My point is that normal people whose chips are closer to ketchup than to necks, will deal with symbols according to context. At certain times and in certain places they will take them seriously. At others they won't - not out of 'disrespect', but simply because there is a time and place for everything. There are crosses in our law courts, but I wouldn't advise anyone to tell a judge 'judge not lest ye be judged'.
But the wigs at ECHR have no time for menial irrelevancies like discerning schoolchildren and judges. True to the god they depend on, who tends to sneak treaties and legislation past populations, they believe they know best at all times.
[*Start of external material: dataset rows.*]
Definition colors (init : init_col) (S : seq graph) (t : nat) : seq nat :=
  undup (flatten [seq [seq wlcol init G t v | v <- enum 'I_(gn G)] | G <- S]).

Section Features.
Variable R : realType.
Local Open Scope ring_scope.

Definition phi (init : init_col) (S : seq graph) (t : nat) (G : graph) : seq R :=
  [seq (cnt init G t col)%:R | col <- colors init S t].

Definition phiT (init : init_col) (S : seq graph) (T : nat) (G : graph) : seq R :=
  flatten [seq phi init S t G | t <- iota 0 T.+1].

Definition enorm (x : seq R) : R := Num.sqrt (\sum_(a <- x) a ^+ 2).

Definition normalize (x : seq R) : seq R := [seq a / enorm x | a <- x].

Definition dot (w x : seq R) : R := \sum_(i < size x) w`_i * x`_i.

Definition linsep (X : seq (seq R * bool)) : Prop :=
  exists (w : seq R) (b : R), forall p, p \in X ->
    if p.2 then 0 < dot w p.1 + b else dot w p.1 + b < 0.

Definition sample (feat : graph -> seq R) (S : seq graph) (c : graph -> bool)
  : seq (seq R * bool) := [seq (feat G, c G) | G <- S].

End Features.

From HB Require Import structures.
From mathcomp Require Import all_boot all_order all_algebra.
From mathcomp Require Import reals.
From mathcomp Require Import lra zify.
Set Implicit Arguments. Unset Strict Implicit. Unset Printing Implicit Defensive.
Import Order.TTheory GRing.Theory Num.Theory.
They also have a terribly moralising understanding of religion.
I call it so because the ECHR seems to assume that symbols should mean something to everyone. I remember a priest who used to tell us that we shouldn't go to Mass unless we understood and meant every word of the Liturgy. That was silly but acceptable, because a priest's job is to moralise. Not so a judge's.
Besides, I honestly can't see how the ruling can work. How on earth is one supposed to insulate people from the visuals of Christianity, in Europe? Bar Indian temple cities and a few other examples, I can hardly think of a visual context so shaped by religious imagery as that of European cities.
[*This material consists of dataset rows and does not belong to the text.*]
(* Let $\mathbb G_\ell=Z_\ell\otimes I-\mathbb H^\ell$ and $\Phi=(1-\delta)\,\mathbb I_0\otimes I-\mathbb H$. Then the following relations hold in $\mathrm{Hom}_{\mathcal{AB}(\delta)}(1,1)$ for all $\ell\ge 0$: \[ (\mathbb H^{\ell+1})^T-(\mathbb H^\ell)^T\,\Phi-\mathbb G_\ell=0,\qquad (\mathbb H^{\ell+1})^T-\Phi\,(\mathbb H^{\ell})^T-\mathbb G_{\ell}=0 . \] Furthermore, $\mathbb H^k$ and $(\mathbb H^{\ell})^T$ commute for all $k,\ell$.
   Context: $K$ is a commutative ring and $\delta\in K$. $\mathcal{AB}(\delta)$ is the polar (diagrammatic affine) Brauer category: objects are $r\in\mathbb N$, and morphisms $r\to s$ are $K$-linear combinations of polar Brauer diagrams, i.e. Brauer diagrams placed to the right of a vertical thick ''pole'', with horizontal wavy ''connectors'' joining the pole to vertical thin strands; composition is vertical stacking (with the Brauer category relations, a free loop equal to $\delta$). The category admits right tensoring $\otimes$ by ordinary Brauer diagrams (juxtaposition on the right). $\mathbb I_0$ is the pole alone, $I$ is a single thin vertical strand, and $\mathbb H\in\mathrm{Hom}(1,1)$ is the pole with one thin strand joined to it by one connector. The category is subject to the four-term relation $[\mathbb H_{01},\mathbb H_{02}+\mathbb H_{12}]=0$ (where $\mathbb H_{01}=\mathbb H\otimes I$, $\mathbb H_{02}=\mathbb X_0\mathbb H_{01}\mathbb X_0$ with $\mathbb X_0=\mathbb I_0\otimes X$, $X$ the crossing, and $\mathbb H_{12}=\mathbb I_0\otimes H$ with $H=X-\cup\circ\cap$) and to skew symmetry $\mathbb H^T=-\mathbb H$. For $\ell\ge0$, $(\mathbb H^\ell)^T\in\mathrm{Hom}(1,1)$ denotes the diagram obtained from $\mathbb H^\ell$ (one thin strand carrying $\ell$ connectors to the pole) by bending the strand so that its upper end runs down (to the right) to the bottom boundary point and its lower end runs up to the top boundary point (the two arcs crossing), the connectors staying attached; in particular $(\mathbb H^0)^T=\mathbb I_0\otimes I$ and skew symmetry reads $(\mathbb H^1)^T=-\mathbb H$. With $\Pi=\mathbb I_0\otimes\cap\in\mathrm{Hom}(2,0)$ and $\amalg=\mathbb I_0\otimes\cup\in\mathrm{Hom}(0,2)$, set $Z_\ell=\Pi(\mathbb H^\ell\otimes I)\amalg\in\mathrm{Hom}_{\mathcal{AB}(\delta)}(0,0)$ (the strand carrying $\ell$ connectors closed into a loop to the right); thus $Z_0=\delta\,\mathbb I_0$ and $\mathbb G_0=(\delta-1)\,\mathbb I_0\otimes I$. *)

(* A concrete combinatorial model of the polar Brauer
   category AB(delta) : free K-modules on polar Brauer diagrams, modulo the
   two-sided (composition) ideal, stable under right tensoring by Brauer
   diagrams, generated by isotopy, the four-term relation and skew symmetry. *)
From HB Require Import structures.
From mathcomp Require Import all_boot all_order all_algebra.
From mathcomp Require Import freeg.
From Stdlib Require List.

Set Implicit Arguments.
Unset Strict Implicit.
Unset Printing Implicit Defensive.

Import GRing.Theory.

(* A boundary point: (false, i) = i-th bottom point, (true, j) = j-th top *)
(* point (points counted from the pole, starting at 0).                  *)
Definition endpt := (bool * nat)%type.

(* Connectors met along a strand, in the order of traversal.  A connector *)
(* is recorded as (c, s): c is its rank in the height order along the pole *)
(* (0 = lowest), s is the side of the strand on which it is attached      *)
(* (true = on the left of the direction of traversal).                    *)
Definition clist := seq (nat * bool).

(* An arc (a, l, b): a strand from boundary point a to boundary point b,   *)
(* carrying the connectors l (read from a to b).                           *)
Definition arc := (endpt * clist * endpt)%type.

(* A diagram: arcs, closed loops carrying at least one connector (read in *)
(* some direction from some starting point), and the number of connectors. *)
Definition diag := (seq arc * seq clist * nat)%type.

Definition d_arcs (d : diag) : seq arc := d.1.1.
Definition d_loops (d : diag) : seq clist := d.1.2.
Definition d_n (d : diag) : nat := d.2.

(* reading a strand backwards reverses the list and flips the sides *)
Definition flipl (l : clist) : clist := rev (map (fun p => (p.1, ~~ p.2)) l).

Definition shiftl (n : nat) (l : clist) : clist := map (fun p => (p.1 + n, p.2)) l.

Definition ends (xs : seq arc) : seq endpt := flatten [seq [:: a.1.1; a.2] | a <- xs].

Definition wf (r s : nat) (d : diag) : bool :=
  [&& perm_eq (ends (d_arcs d))
        ([seq (false, i) | i <- iota 0 r] ++ [seq (true, k) | k <- iota 0 s]),
      perm_eq (map fst (flatten [seq a.1.2 | a <- d_arcs d] ++ flatten (d_loops d)))
        (iota 0 (d_n d))
    & all (fun l => l != [::]) (d_loops d)].

(* Brauer diagrams r -> s (no connectors, hence no loops) *)
Definition wfB (r s : nat) (d : diag) : bool := wf r s d && (d_n d == 0).

Definition arc_eq (a b : arc) : Prop := b = a \/ b = (a.2, flipl a.1.2, a.1.1).
Definition loop_eq (l m : clist) : Prop :=
  exists k, m = rot k l \/ m = rot k (flipl l).
Definition iso (d d' : diag) : Prop :=
  [/\ d_n d = d_n d',
      exists2 xs, List.Forall2 arc_eq (d_arcs d) xs & perm_eq xs (d_arcs d')
    & exists2 ys, List.Forall2 loop_eq (d_loops d) ys & perm_eq ys (d_loops d')].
The first images that come to mind when one mentions Barcelona, Rome, Zürich, Florence, and the rest, are those of churches. The museums in all of these are bursting at the seams with religious images, and most of their squares are linked to some church parvis.
And yet, contemporary European cities are possibly the most secular and liberal places on earth. Their inhabitants have drawn the distinction. Unfortunately, they're now being patronised into believing they could never do so.
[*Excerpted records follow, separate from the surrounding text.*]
Lemma wQ_contiguous n k :
  wQ n.+1 k.+1 * base_factor k.+1 ^+ 2 / (q ^+ 2) ^+ k.+1
    - wQ n.+1 k * denQ_factor k / (q ^+ 2) ^+ k
  = alpha (2 * n.+1).+1 * alpha (2 * n.+1).+2 * wQ n.+2 k.+1
    + (alpha (2 * n.+1).+1 * delta (2 * n.+1).+2
       + delta (2 * n.+1).+1 * alpha (2 * n.+1)) * wQ n.+1 k.+1
    + delta (2 * n.+1).+1 * delta (2 * n.+1) * wQ n k.+1.
Proof.
have h1 : 1 - a * a * (q * (q ^+ n * q ^+ n) * (q * (q * (q ^+ n * q ^+ n)))) != 0.
  by apply: contra_neq (one_sub_a2q_neq0 (2 * n).+1) => <-; rewrite exprS exprn_double; ring.
have h2 : 1 - a * a * (q * (q * (q ^+ n * q ^+ n)) * (q * (q * (q * (q ^+ n * q ^+ n)))))
    != 0.
  by apply: contra_neq (one_sub_a2q_neq0 (2 * n).+2) => <-; rewrite !exprS exprn_double; ring.
have h3 : 1 - a * a * (q * (q * (q * (q ^+ n * q ^+ n)))
    * (q * (q * (q * (q * (q ^+ n * q ^+ n)))))) != 0.
  by apply: contra_neq (one_sub_a2q_neq0 (2 * n).+3) => <-; rewrite !exprS exprn_double; ring.
have q2_neq0 : q ^+ 2 != 0 by rewrite expf_neq0.
have e1 : (q ^+ 2) ^- n.+1 = (q ^+ 2) ^- n.+2 * q ^+ 2 by apply: expVnS.
have e0 : (q ^+ 2) ^- n = (q ^+ 2) ^- n.+2 * q ^+ 2 * q ^+ 2.
  by rewrite -e1; apply: expVnS.
have f1 : a * a * (q ^+ 2) ^+ n.+1 * q = a * a * (q ^+ 2) ^+ n * q * q ^+ 2.
  by rewrite exprS; ring.
have f2 : a * a * (q ^+ 2) ^+ n.+2 * q = a * a * (q ^+ 2) ^+ n * q * q ^+ 2 * q ^+ 2.
  by rewrite !exprS; ring.
rewrite /wQ e1 e0 f1 f2 !mulnS !add2n.
set p := q ^+ 2; set t := p ^- n.+2; set s := a * a * p ^+ n * q.
case: k => [|i].
  rewrite !qpoch1 !qpoch0 /t /s /p /delta /alpha /base_factor /denQ_factor.
  rewrite !exprn_sq !exprS !expr0 !exprn_double.
  by field; rewrite q_neq0 h1 h2 h3 ?expf_neq0.
rewrite (qpochSlS t) (qpochSlS s) (qpochSl (t * p)) (qpochSl (s * p)).
rewrite (qpochSS (t * p * p)) (qpochSS (s * p * p)) (qpochSSl t) (qpochSSl s).
rewrite /t /s /p /delta /alpha /base_factor /denQ_factor.
rewrite !exprn_sq !exprS !expr0 !exprn_double.
by field; rewrite q_neq0 h1 h2 h3 !expf_neq0.
Qed.

Lemma wQ_contiguous0 n :
  wQ n.+1 0 * base_factor 0 ^+ 2
  = alpha (2 * n.+1).+1 * alpha (2 * n.+1).+2 * wQ n.+2 0
    + (alpha (2 * n.+1).+1 * delta (2 * n.+1).+2
       + delta (2 * n.+1).+1 * alpha (2 * n.+1)) * wQ n.+1 0
    + delta (2 * n.+1).+1 * delta (2 * n.+1) * wQ n 0.
Proof.
rewrite /wQ !qpoch0 !expr0 !mul1r /base_factor /delta !expr0 !mulr1; ring.
Qed.

Lemma sumP0 N z : sumP N z 0 = 1.
Proof.
rewrite /sumP big_ord_recl big1 => [|k _]; last by rewrite /wP qpoch_expVn_eq0 // !mul0r.
by rewrite addr0 /wP /denP /baseP !qpoch0 !expr0; field.
Qed.

Lemma sumQ0 N z : sumQ N z 0 = 1.
Proof.
rewrite /sumQ big_ord_recl big1 => [|k _].
  by rewrite addr0 /wQ /denQ /baseQ !qpoch0 !expr0; field.
by rewrite /wQ qpoch_expVn_eq0 ?expf_neq0 // !mul0r.
Qed.

Lemma sumP1 N z : (0 < N)%N -> sumP N z 1 = 1 + wP 1 1 / denP 1 * baseP z 1.
Proof.
case: N => // N _; rewrite /sumP 2!big_ord_recl big1 => [|k _].
  by rewrite addr0; congr (_ + _); rewrite /wP /denP /baseP !qpoch0 !expr0; field.
by rewrite /wP qpoch_expVn_eq0 // !mul0r.
Qed.

Lemma sumQ1 N z : (0 < N)%N -> sumQ N z 1 = 1 + wQ 1 1 / denQ 1 * baseQ z 1.
Proof.
case: N => // N _; rewrite /sumQ 2!big_ord_recl big1 => [|k _].
  by rewrite addr0; congr (_ + _); rewrite /wQ /denQ /baseQ !qpoch0 !expr0; field.
by rewrite /wQ qpoch_expVn_eq0 ?expf_neq0 // !mul0r.
Qed.

Lemma sumP_rec N z m : z != 0 -> (0 < N)%N -> (forall k, (k <= N)%N -> denP k != 0) ->
  (m < N)%N \/ baseP z N.+1 = 0 ->
  (z - g * q / z) * sumP N z m = alpha m * sumP N z m.+1 + delta m * sumP N z m.-1.
Proof.
move=> z_neq0 N_gt0 denP_neq0; case: m => [_|m boundary].
  have := denP_neq0 1%N N_gt0; rewrite /denP !qpoch1 !mulf_eq0 !negb_or.
  move=> /andP[/andP[/andP[h1 h2] h3] h4].
  rewrite delta0 mul0r addr0 alpha0 sumP0 sumP1 // /wP /denP /baseP !qpoch1 !expr1.
  by field; rewrite z_neq0 h1 h2 h3 h4 q_neq0.
rewrite /sumP (@sum_by_parts _ (baseP z) denP (wP m.+1)
  (fun k => alpha m.+1 * wP m.+2 k + delta m.+1 * wP m k)
  base_factor (fun k => q ^+ k) denP_factor).
- rewrite !mulr_sumr -big_split; apply: eq_bigr => k _ /=.
  by rewrite !mulrDl !mulrA.
- by move=> k; apply: baseP_S.
- by move=> k; apply: expf_neq0.
- exact: denP_S.
- by move=> k le_kN _; apply: denP_neq0.
- case: boundary => [lt_mN|->]; last by right.
  by left; rewrite /wP qpoch_expVn_eq0 // !mul0r.
- by rewrite /wP !qpoch0 /base_factor !expr0 divr1 /delta; ring.
- exact: wP_contiguous.
Qed.

Lemma sumQ_rec N z n : z != 0 -> (n < N)%N -> (forall k, (k <= N)%N -> denQ k != 0) ->
  (z - g * q / z) ^+ 2 * sumQ N z n
  = alpha (2 * n).+1 * alpha (2 * n).+2 * sumQ N z n.+1
    + (alpha (2 * n).+1 * delta (2 * n).+2 + delta (2 * n).+1 * alpha (2 * n)%N) * sumQ N z n
    + delta (2 * n).+1 * delta (2 * n)%N * sumQ N z n.-1.
Proof.
move=> z_neq0 lt_nN denQ_neq0; case: n lt_nN => [|n] lt_nN.
  have := denQ_neq0 1%N lt_nN; rewrite /denQ !qpoch1 !mulf_eq0 !negb_or.
  move=> /andP[/andP[/andP[h1 h2] h3] h4].
  rewrite delta0 alpha0 mulr0 mul0r addr0 sumQ0 sumQ1 // /wQ /denQ /baseQ !qpoch1 !expr1.
  have h5 : 1 - a * a * q != 0.
    by apply: contra_neq (one_sub_a2q_neq0 0) => <-; ring.
  have h6 : 1 - a * a * (q * q ^+ 2) != 0.
    by apply: contra_neq (one_sub_a2q_neq0 1) => <-; ring.
  rewrite /delta /alpha.
  by field; rewrite q_neq0 z_neq0 h1 h2 h3 h4 h5 h6.
rewrite /sumQ (@sum_by_parts _ (baseQ z) denQ (wQ n.+1)
  (fun k => alpha (2 * n.+1).+1 * alpha (2 * n.+1).+2 * wQ n.+2 k
    + (alpha (2 * n.+1).+1 * delta (2 * n.+1).+2
       + delta (2 * n.+1).+1 * alpha (2 * n.+1)) * wQ n.+1 k
    + delta (2 * n.+1).+1 * delta (2 * n.+1) * wQ n k)
  (fun k => base_factor k ^+ 2) (fun k => (q ^+ 2) ^+ k) denQ_factor).
- rewrite !mulr_sumr -!big_split; apply: eq_bigr => k _ /=.
  by rewrite !mulrDl !mulrA.
- by move=> k; apply: baseQ_S.
- by move=> k; rewrite !expf_neq0.
- exact: denQ_S.
- by move=> k le_kN _; apply: denQ_neq0.
- by left; rewrite /wQ qpoch_expVn_eq0 ?expf_neq0 // !mul0r.
- by rewrite expr0 divr1 wQ_contiguous0.
- exact: wQ_contiguous.
Qed.

End ContiguousRelations.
I have so far been jovial in my argument. However, the consequences of encouraging people to take symbols seriously can be nasty as well as counterproductive. What usually happens is that the boundaries of reason that usually exist around symbols (the ones that allow a judge to do their job while standing before a cross) begin to get fuzzy.
The ECHR ruling is not even about Malta, and we've already seen the declaration of several crusades on the online comment boards. As I write, a 'Dun Pawl' seems to be pushing for some sort of Night of the Bright Lights on the feast of Christ the King.
The argument goes well beyond Malta and this individual ECHR case. Later this month, for example, the Swiss will be asked to vote in a referendum on mosques. Specifically, the issue is whether or not to give permission for the building of minarets, which many hold would alter the skylines of Swiss cities.
The implication is clear. Many feel that altering the visuals of the city (the Stadtbild) means tampering with notions of identity, rooted as they are in Christian European tradition. Funnily enough, among the most vociferous are types who have never bothered very much with steeples.
People like Lautsi who can't stomach the sight of a cross are rather like the authors of the Church proposals for the 'restoration' of feasts. They think that religious images exist for a single purpose, i.e. to lead the flocks to God. Strange bedfellows indeed - but then religious fervour, whether for or against, does tend to cloud one's judgment.